На базе ТУ-16 впоследствии сделали пассажирский самолет ТУ-104. Колесов бравировал своей осведомленностью: летаю, мол, на нем без всякого удовольствия.
В войну за такие вещи ставили к стенке
- Я однажды чуть не взорвал всю Полтаву, - так он рассказывает истинную быль о коротком замыкании на бомбе.
В большом зале он делал свою обычную работу - проверку радиодатчика, установленного на бомбе. Нос бомбы - поворотная четверть сферы - был открыт. Толовый шар бомбы находится за носовой частью, то есть прямо перед ним. Он подвез аккумулятор и стал подключать к радиодатчику кабели. Один кабель упал на аккумулятор, его разъем попал прямо на плюсовую клемму. В этом месте возникла мощная искровая дуга. В долю секунды он ударил ногой по кабелю и прекратил разряд.
До сих пор он считает несовершенной, мягко говоря, электрическую схему контроля. Авторы - нестерпимые гении Харитон и другие - немножко недоработали. Короткое замыкание в цепи произошло через корпус бомбы, никаких предохранительных, защитных элементов в схеме нет.
Конечно, насчет всей Полтавы можно еще подумать - дело в том, что центральная часть (ядерный заряд) в бомбе не стояла, это не допускается при проверках. Но если бы взорвался только шар с полтонной тола, то и это было бы интересно. На терактах от взрывчатки в 200 грамм погибают десятки людей. Его бомба уничтожила бы полностью здание, а также и соседние здания, начиненные заряженными бомбами... Да уж, атомную базу предусмотрительно разместили в десятке километров от города.
Маршал авиации Судец, командующий дальней авиацией страны, приехал в часть очень удачно - на следующий же день (визит-эффект).

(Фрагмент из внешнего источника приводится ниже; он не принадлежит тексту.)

(* Consider NSGA-III (as defined in the context) on an arbitrary $m$-objective function $f:\{0,1\}^n\to\mathbb N_0^m$ with $\varepsilon_{\mathrm{nad}}\ge f_{\max}$ and reference set $\mathcal R_p$ with $p\ge 2m^{3/2}f_{\max}$, any population size, any initial population and any rule for choosing the extreme points. Then in every generation $t$, any two search points in $F^1_t$ that are associated with the same reference point of $\mathcal R_p$ have the same fitness vector.
   Context: Let $f=(f_1,\dots,f_m):\{0,1\}^n\to\mathbb N_0^m$ be an $m$-objective function to be maximized, and $f_{\max}:=\max\{f_j(x): x\in\{0,1\}^n, j\in[m]\}$, assumed $\ge 1$. For $x,y\in\{0,1\}^n$: $x\succeq y$ ($x$ weakly dominates $y$) iff $f_j(x)\ge f_j(y)$ for all $j$; $x\succ y$ iff $x\succeq y$ and $f_j(x)>f_j(y)$ for some $j$; $x,y$ are incomparable if neither $x\succeq y$ nor $y\succeq x$. For $p\in\mathbb N$ the reference set is $\mathcal R_p=\{(a_1/p,\dots,a_m/p): (a_1,\dots,a_m)\in\mathbb N_0^m,\ \sum_i a_i=p\}$. NSGA-III with population size $\mu$, threshold $\varepsilon_{\mathrm{nad}}>0$ and reference set $\mathcal R_p$: start with a population $P_0$ (a multiset of $\mu$ bit strings; arbitrary), $E_0=\{(-\infty,\dots,-\infty)\}$, $y^{\max}=(-\infty,\dots,-\infty)$, $y^{\min}=(+\infty,\dots,+\infty)$. In generation $t=0,1,2,\dots$: (1) Offspring: $Q_t$ consists of $\mu$ offspring, each created independently by choosing a parent uniformly at random from $P_t$ and flipping each of its bits independently with probability $1/n$. (2) Sorting: $R_t=P_t\cup Q_t$ (multiset of size $2\mu$) is partitioned into layers $F^1_t,\dots,F^k_t$, where $F^1_t$ consists of the members of $R_t$ not dominated (w.r.t. $\succ$) by any member of $R_t$, and $F^i_t$ consists of the members of $R_t\setminus(F^1_t\cup\dots\cup F^{i-1}_t)$ not dominated by any member of that set. Let $i^*$ be the index with $\sum_{i<i^*}|F^i_t|<\mu\le\sum_{i\le i^*}|F^i_t|$, and $Y_t=\bigcup_{i<i^*}F^i_t$. (3) Normalization: for each $j$, set $y^{\min}_j\leftarrow\min(y^{\min}_j,\min_{x\in R_t}f_j(x))$ and $y^{\max}_j\leftarrow\max(y^{\max}_j,\max_{x\in F^1_t}f_j(x))$ (so these are running extremes over all generations so far), and choose an extreme point $e^{(j)}\in f(Y_t\cup F^{i^*}_t)\cup E_t$ by some fixed rule (originally via an achievement scalarization function); set $E_{t+1}=\{e^{(1)},\dots,e^{(m)}\}$. If $e^{(1)},\dots,e^{(m)}$ are linearly independent, let $H$ be the affine hyperplane through them; if for every $j$ the hyperplane $H$ meets the $j$-th coordinate axis in exactly one point $I_j u_j$ ($u_j$ the $j$-th unit vector) with $\varepsilon_{\mathrm{nad}}\le I_j\le y^{\max}_j$, set $y^{\mathrm{nad}}_j=I_j$ for all $j$. Otherwise (including linear dependence) set $y^{\mathrm{nad}}_j=\max_{x\in F^1_t}f_j(x)$ for all $j$. Afterwards, for every $j$ with $y^{\mathrm{nad}}_j<y^{\min}_j+\varepsilon_{\mathrm{nad}}$, reset $y^{\mathrm{nad}}_j=\max_{x\in R_t}f_j(x)$. The normalized objectives are $f^n_j(x)=(f_j(x)-y^{\min}_j)/(y^{\mathrm{nad}}_j-y^{\min}_j)$ (with the convention $f^n_j(x):=0$ if the denominator is $0$), $f^n=(f^n_1,\dots,f^n_m)$. (4) Association: each $x\in Y_t\cup F^{i^*}_t$ is associated with a reference point $\mathrm{rp}(x)\in\mathcal R_p$ minimizing the Euclidean distance from $f^n(x)$ to the line $\{\lambda r:\lambda\in\mathbb R\}$ (equivalently, minimizing the angle between $f^n(x)$ and $r$); ties are broken by a deterministic rule depending only on $f^n(x)$. (5) Selection: let $\rho_r=|\{x\in Y_t:\mathrm{rp}(x)=r\}|$ for $r\in\mathcal R_p$, $\tilde F=\emptyset$, $R'=\mathcal R_p$. Repeat: choose $r\in R'$ with minimal $\rho_r$ (ties uniformly at random); if some $x\in F^{i^*}_t\setminus\tilde F$ has $\mathrm{rp}(x)=r$, add to $\tilde F$ such an $x$ minimizing the distance between $f^n(x)$ and $r$ (ties uniformly at random), increase $\rho_r$ by one, and stop as soon as $|Y_t|+|\tilde F|=\mu$; otherwise remove $r$ from $R'$. Set $P_{t+1}=Y_t\cup\tilde F$. *)

From HB Require Import structures.
From mathcomp Require Import all_boot all_order all_algebra.
Set Implicit Arguments. Unset Strict Implicit. Unset Printing Implicit Defensive.
Import Order.TTheory GRing.Theory Num.Theory.
Local Open Scope ring_scope.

Маленький, черненький, злобный, похожий на Гиммлера, он стоял перед шеренгой офицеров на месте происшествия. Слов было мало, врезалось только:
- В войну за такие вещи ставили к стенке.
Вечером он шел один по военному городку и переживал. "Происшедшее - случайность, не виноват я. За это лишать меня жизни?..." И в то же время было ясно, что в войну маршал сделал бы именно так. Таков порядок - наказать в острастку другим, если не виновного, то хотя бы причастного. Могильный ветерок, ужас неизбежности - мелькнуло и прошло. Осталось только гордиться быстрой реакцией - ударом ноги по аккумулятору.
Его вообще никак не наказали. Гауптвахта - слишком мягко. Депремировать - в армии нет премий. Начальству выгоднее было замолчать само событие - маршал знает, указаний не дал...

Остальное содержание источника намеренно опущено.